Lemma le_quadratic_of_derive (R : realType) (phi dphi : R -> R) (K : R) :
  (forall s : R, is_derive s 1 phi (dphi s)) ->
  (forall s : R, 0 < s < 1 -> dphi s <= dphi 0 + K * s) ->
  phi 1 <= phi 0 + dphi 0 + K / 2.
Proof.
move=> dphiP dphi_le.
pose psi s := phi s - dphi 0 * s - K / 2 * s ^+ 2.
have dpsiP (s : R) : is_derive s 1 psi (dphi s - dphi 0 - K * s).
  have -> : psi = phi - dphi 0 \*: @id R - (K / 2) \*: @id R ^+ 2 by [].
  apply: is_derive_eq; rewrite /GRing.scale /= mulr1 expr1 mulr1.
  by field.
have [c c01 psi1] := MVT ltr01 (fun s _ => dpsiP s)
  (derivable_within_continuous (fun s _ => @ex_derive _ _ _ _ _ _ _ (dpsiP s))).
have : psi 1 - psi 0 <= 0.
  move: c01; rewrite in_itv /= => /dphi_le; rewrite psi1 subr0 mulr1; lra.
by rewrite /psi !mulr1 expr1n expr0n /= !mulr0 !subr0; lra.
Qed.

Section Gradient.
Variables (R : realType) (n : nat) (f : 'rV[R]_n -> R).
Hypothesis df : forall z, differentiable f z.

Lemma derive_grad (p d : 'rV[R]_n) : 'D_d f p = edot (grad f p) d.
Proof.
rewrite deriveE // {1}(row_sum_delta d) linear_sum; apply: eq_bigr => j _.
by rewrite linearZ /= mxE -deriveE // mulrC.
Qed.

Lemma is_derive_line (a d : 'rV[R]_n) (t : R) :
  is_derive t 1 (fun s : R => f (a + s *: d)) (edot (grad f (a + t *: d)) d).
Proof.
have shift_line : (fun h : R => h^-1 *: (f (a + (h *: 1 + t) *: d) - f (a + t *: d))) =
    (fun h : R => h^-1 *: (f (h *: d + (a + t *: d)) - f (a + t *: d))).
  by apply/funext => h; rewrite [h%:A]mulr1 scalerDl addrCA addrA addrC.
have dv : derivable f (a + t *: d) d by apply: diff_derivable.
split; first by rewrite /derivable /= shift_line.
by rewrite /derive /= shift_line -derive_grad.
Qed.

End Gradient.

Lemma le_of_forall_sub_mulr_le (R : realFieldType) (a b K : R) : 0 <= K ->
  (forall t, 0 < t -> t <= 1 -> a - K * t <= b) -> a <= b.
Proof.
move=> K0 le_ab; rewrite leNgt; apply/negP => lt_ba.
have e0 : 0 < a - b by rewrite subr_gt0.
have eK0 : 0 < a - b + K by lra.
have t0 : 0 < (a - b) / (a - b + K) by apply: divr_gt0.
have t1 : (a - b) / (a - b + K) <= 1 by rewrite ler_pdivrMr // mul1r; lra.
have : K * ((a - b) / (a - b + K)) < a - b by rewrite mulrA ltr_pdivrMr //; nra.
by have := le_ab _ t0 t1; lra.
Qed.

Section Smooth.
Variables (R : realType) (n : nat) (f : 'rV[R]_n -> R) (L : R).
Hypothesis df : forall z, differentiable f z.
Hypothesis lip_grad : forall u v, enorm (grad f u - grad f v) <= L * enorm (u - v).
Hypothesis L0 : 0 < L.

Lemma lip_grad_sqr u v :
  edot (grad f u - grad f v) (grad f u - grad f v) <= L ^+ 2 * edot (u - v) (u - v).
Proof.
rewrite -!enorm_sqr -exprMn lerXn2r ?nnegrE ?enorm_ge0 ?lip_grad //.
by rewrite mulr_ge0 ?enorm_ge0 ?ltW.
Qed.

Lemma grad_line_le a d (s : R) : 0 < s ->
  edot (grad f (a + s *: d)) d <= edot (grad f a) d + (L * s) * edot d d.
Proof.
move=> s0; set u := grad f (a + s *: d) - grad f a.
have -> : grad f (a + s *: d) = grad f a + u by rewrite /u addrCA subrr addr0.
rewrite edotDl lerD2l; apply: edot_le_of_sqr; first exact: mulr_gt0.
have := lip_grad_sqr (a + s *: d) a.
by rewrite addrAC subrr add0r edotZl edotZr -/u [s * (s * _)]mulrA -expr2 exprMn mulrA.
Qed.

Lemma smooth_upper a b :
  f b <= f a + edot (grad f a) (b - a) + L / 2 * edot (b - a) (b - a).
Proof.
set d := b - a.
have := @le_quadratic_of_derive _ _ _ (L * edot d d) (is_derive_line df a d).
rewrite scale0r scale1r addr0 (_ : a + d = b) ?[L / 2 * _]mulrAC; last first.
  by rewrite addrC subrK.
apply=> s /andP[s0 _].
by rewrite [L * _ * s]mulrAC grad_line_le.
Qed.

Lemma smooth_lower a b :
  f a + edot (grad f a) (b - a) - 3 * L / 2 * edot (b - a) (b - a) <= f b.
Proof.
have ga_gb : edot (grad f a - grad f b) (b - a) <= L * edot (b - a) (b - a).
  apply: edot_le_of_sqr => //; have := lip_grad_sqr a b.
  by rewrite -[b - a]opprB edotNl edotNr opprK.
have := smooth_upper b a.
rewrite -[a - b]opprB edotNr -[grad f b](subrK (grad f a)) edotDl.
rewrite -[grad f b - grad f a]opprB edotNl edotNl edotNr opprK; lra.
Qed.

========================

▶ _WHAT YOU NEED TO DO_:
Filter the entries and copy each line with "opprK".

▶ _WRITTEN SOLUTION_:
  by rewrite -[b - a]opprB edotNl edotNr opprK.
rewrite -[grad f b - grad f a]opprB edotNl edotNl edotNr opprK; lra.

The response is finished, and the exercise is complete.